「復讐」は日本の法律において認められていない。そのため、どれほど他人から嫌がらせを受けても、理不尽な目に遭っても、涙をのんで我慢している人が現実である。
しかしそのようなイライラした気持ちを晴らすべく、ドラマではあの手この手を使って恨むべき相手に復讐を果たす話もある。特にバブル崩壊後の90年代は、社会の閉塞感を打ち破るような過激な復讐劇も展開され、見ることで溜飲が下がった人も多かっただろう。
今、見返してみると「それはやりすぎでは……」と思える復讐劇も多かった90年代のドラマ。ここではそんなドラマで展開された「驚くべき復讐方法」を紹介したい。
※本記事には各作品の内容を含みます
■土下座させたあげく自分の足を舐めさせる『もう誰も愛さない』山口智子
1991年に放送された『もう誰も愛さない』は、愛憎劇と復讐劇が絡み合うサスペンスドラマだ。

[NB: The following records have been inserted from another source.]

Variables p q : R.
Hypotheses (p01 : 0 < p < 1) (q01 : 0 < q < 1).

Lemma bernoulli_kl_ge0 : 0 <= bernoulli_kl p q.
Proof.
case/andP: p01 => p0 p1; case/andP: q01 => q0 q1.
have := mul_ln_div_ge p0 q0; have := @mul_ln_div_ge R (1 - p) (1 - q).
rewrite /bernoulli_kl !subr_gt0 => /(_ p1 q1); lra.
Qed.

Lemma bernoulli_kl_le_chi2 : bernoulli_kl p q <= bernoulli_chi2 p q.
Proof.
case/andP: p01 => p0 p1; case/andP: q01 => q0 q1.
have := mul_ln_div_le p0 q0; have := @mul_ln_div_le R (1 - p) (1 - q).
have -> : bernoulli_chi2 p q = p * (p / q - 1) + (1 - p) * ((1 - p) / (1 - q) - 1).
  by rewrite /bernoulli_chi2; field; rewrite !gt_eqF ?subr_gt0.
rewrite /bernoulli_kl !subr_gt0 => /(_ p1 q1); lra.
Qed.

End bernoulli_divergences.

Lemma is_dist_bernoulli_pmf (R : realType) (p : R) :
  0 <= p <= 1 -> is_dist (bernoulli_pmf p).
Proof. by move=> p01; split=> [a|]; [exact: bernoulli_pmf_ge0 | rewrite /= subrKC]. Qed.

Lemma bernoulli_pmf_gt0 (R : realType) (x : R) :
  0 < x < 1 -> forall a, 0 < bernoulli_pmf x a.
Proof. by move=> /andP[x0 x1] [] /=; lra. Qed.

Lemma is_distE (R : realType) (q : bool -> R) :
  is_dist q -> q = bernoulli_pmf (q true) /\ 0 <= q true <= 1.
Proof.
move=> [q_ge0 q1]; have := q_ge0 true; have := q_ge0 false; split.
  by apply/funext => -[] //=; lra.
by apply/andP; split; lra.
Qed.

本作の主人公は金に執着した沢村卓也(吉田栄作さん)で、彼に対し壮絶な復讐を遂げていくのが田代美幸(山口智子さん)である。
美幸は真面目な銀行員だったが、沢村と宮本小百合(田中美奈子さん)の策略により、男たちに暴行され、恋人との婚約も破棄となり、あげく横領罪で逮捕されてしまう。その首謀者が沢村たちだと知った美幸は復讐の鬼となり、沢村に復讐をしていくのだ。
出所後の美幸は実業家・王小龍(伊武雅刀さん)と組み、冷酷な手腕で沢村を追い詰めていく。たとえば彼が働く観葉植物事業を買い占め、沢村を実質クビにして仕事を奪う。さらに、沢村は途中で刺されて半身不随になるのだが、美幸はそんな彼を引取り監禁状態にし、自分の支配下に置いてじわじわと嫌がらせをし続ける。

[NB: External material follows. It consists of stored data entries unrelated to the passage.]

Lemma cyl_tableau_insert : cyl_tableau (set T i j v).
Proof.
have i_lt := insert_row_lt.
case: T_ins.2 => [[j0 /andP [v_ge v_le]] | [_ [ip [u [ip_lt Eu u_le right_ge_ip]]]]].
  have i_ge : 0 <= i by move: top_i; rewrite j0 col_top0.
  apply: cyl_tableau_gset => //; rewrite ?j0 ?sub0r ?gget_colN1 ?col_topN1 //.
    by rewrite divz_small ?mul0r; [lia | rewrite absz_nat; lia].
  by rewrite leNgt i_lt.
have i_le := insert_row_le_bumped (ip := ip) ltac:(by rewrite Eu) right_ge_ip.
apply: cyl_tableau_gset => //.
- have := gget_gt_copy T_tab Eu; have := lez_pdiv2r (le0z_nat N) i_le.
  rewrite -(ler_pM2r n_gt0); lia.
- move=> y E; apply: le_trans u_le.
  move: i_le; rewrite le_eqVlt => /orP [/eqP ei | i_lt_ip].
    by move: E; rewrite ei Eu => -[->].
  exact/ltW/(gget_col_lt T_tab i_lt_ip E Eu).
- by move=> top_i'; apply: (gget_col_closed T_tab top_i' i_le); rewrite Eu.
Qed.

End InsertBox.

Lemma insertable_bump T v j i x : insertable T v j ->
  get T i j = Some x -> v <= x ->
  (forall a y, a < i -> get T a j = Some y -> y < v) ->
  i < n /\ insertable (set T i j v) x (j + 1).
Proof.
move=> T_ins Ex v_le above_lt; have T_tab := T_ins.1.
have top_i := gget_col_top Ex.
have above_filled a : top j <= a -> a < i -> get T a j != None.
  by move=> top_a /ltW a_le; apply: (gget_col_closed T_tab top_a a_le); rewrite Ex.
have below_gt b y : i < b -> get T b j = Some y -> v < y.
  by move=> ib /(gget_col_lt T_tab ib Ex); apply: le_lt_trans.
have right_ge y : get T i (j + 1) = Some y -> v <= y.
  by move/(gget_row_le T_tab Ex); apply: le_trans.
have i_lt := insert_row_lt T_ins top_i above_filled above_lt.
have j_ge : 0 <= j by case: T_ins.2 => [[-> _] | [j_gt _]] //; apply: ltW.
split=> //; split; first exact: cyl_tableau_insert.
right; split; first by lia.
exists i, v; split=> //; first by rewrite addrK gget_gset_here.
move=> y; have := @gget_gset_row T i j v 0 1 (oner_neq0 _); rewrite mul0r addr0 subr0 => ->.
case E: (get T i (j + 1)) => [y1|] //= [<-].
by rewrite addr0; have := gget_row_le T_tab Ex E.
Qed.

Lemma col_end_top T j i : col_end N L T j i -> top j <= i.
Proof.
case=> _ [-> // | ]; case E: (get T _ _) => [y|] // _.
by have := gget_col_top E; lia.
Qed.

Lemma insertable_append T v j i : insertable T v j ->
  (forall a y, get T a j = Some y -> y < v) -> col_end N L T j i ->
  i < n /\ cyl_tableau (set T i j v).
Proof.
move=> T_ins all_lt i_end; have T_tab := T_ins.1.
have top_i := col_end_top i_end; case: i_end => below_none top_or_filled.
have above_filled a : top j <= a -> a < i -> get T a j != None.
  move=> top_a a_lt; case: top_or_filled => [top_eq | /eqP prev_filled]; first by lia.
  by apply: (gget_col_closed T_tab top_a _ prev_filled); lia.
have above_lt a y : a < i -> get T a j = Some y -> y < v by move=> _; apply: all_lt.
have below_gt b y : i < b -> get T b j = Some y -> v < y.
  by move=> i_lt E; have := below_none b; rewrite E => /(_ ltac:(by [])); lia.
have right_ge y : get T i (j + 1) = Some y -> v <= y.
  move=> E; have : get T i j != None by apply: (gget_left_closed T_tab top_i); rewrite E.
  by move/eqP/below_none; rewrite ltxx.
split; first exact: insert_row_lt T_ins top_i above_filled above_lt.
exact: cyl_tableau_insert T_ins top_i above_filled above_lt below_gt right_ge.
Qed.

Lemma ins_from_cyl_tableau T v j T' p : ins_from N L T v j T' p -> insertable T v j ->
  cyl_tableau T' /\ all (fun c => c.1 < n) p.
Proof.
elim=> {T v j T' p} [T v j i x T' p Ex v_le above_lt _ IH | T v j i all_lt i_end] T_ins.
  have [i_lt T'_ins] := insertable_bump T_ins Ex v_le above_lt.
  by have [T'_tab p_lt] := IH T'_ins; rewrite /= i_lt.
by have [i_lt T'_tab] := insertable_append T_ins all_lt i_end; rewrite /= i_lt.
Qed.

Lemma ins_from_cols T v j T' p : ins_from N L T v j T' p -> forall q, q \in p -> j <= q.2.
Proof.
elim=> {T v j T' p} [T v j i x T' p _ _ _ _ IH | T v j i _ _] q.
  by rewrite in_cons => /orP [/eqP -> // | /IH]; lia.
by rewrite mem_seq1 => /eqP ->.
Qed.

なかでも視聴者に衝撃を与えたのが「死にたくないってひざまずきなさい」と沢村に命令して土下座をさせ、ストッキングを履いた自分の足を舐めさせるシーンだろう。沢村が美幸にこれまで与えてきた苦痛を思えば、美幸の復讐心は理解できる。だがその行為は倫理的な一線を越えており、見る者に強い戦慄を与えたのは間違いない。
■愛する息子を奪った教師へ激しい暴行で復讐『人間・失格ー たとえばぼくが死んだらー』赤井英和
1994年7月からTBS系列で放送された『人間・失格ーたとえばぼくが死んだらー』は、愛する息子を失った父親が、息子を死に追い詰めた人間へ激しい復讐をするドラマだ。
主人公・大場衛(赤井英和さん)の息子・誠(堂本剛さん)は名門中学に編入後、凄惨ないじめに遭い、自ら命を絶ってしまう。誠を死に追いやったのは同級生だけでなく、体育教師・宮崎(斎藤洋介さん)の激しい体罰も要因であった。
真相を知った衛は、宮崎をプールの中で追い詰め、ラーメンの出前で使う“おかもち”の箱を振りかざして暴行し、さらに宮崎の頭をプールに何度も沈める。
「やめてくれ!」と懇願する宮崎に対し「俺の息子もそう言ったはずや!」「やめてくれと頼んだはずや!」と叫びながら、何度も宮崎の頭をプールに沈めるのだ。もともとプロボクサーである赤井さんの演技は鬼気迫るものがあり、相手をノックダウンするような激しい復讐方法は見ていて鳥肌が立った。
結局宮崎はこの暴行が原因で命を落とす。息子の復讐を遂げ、本懐を果たしたはずの衛だが、夜になると自身の犯した行為が脳裏をよぎり、激しい苦悶に苛まれ続けるのである。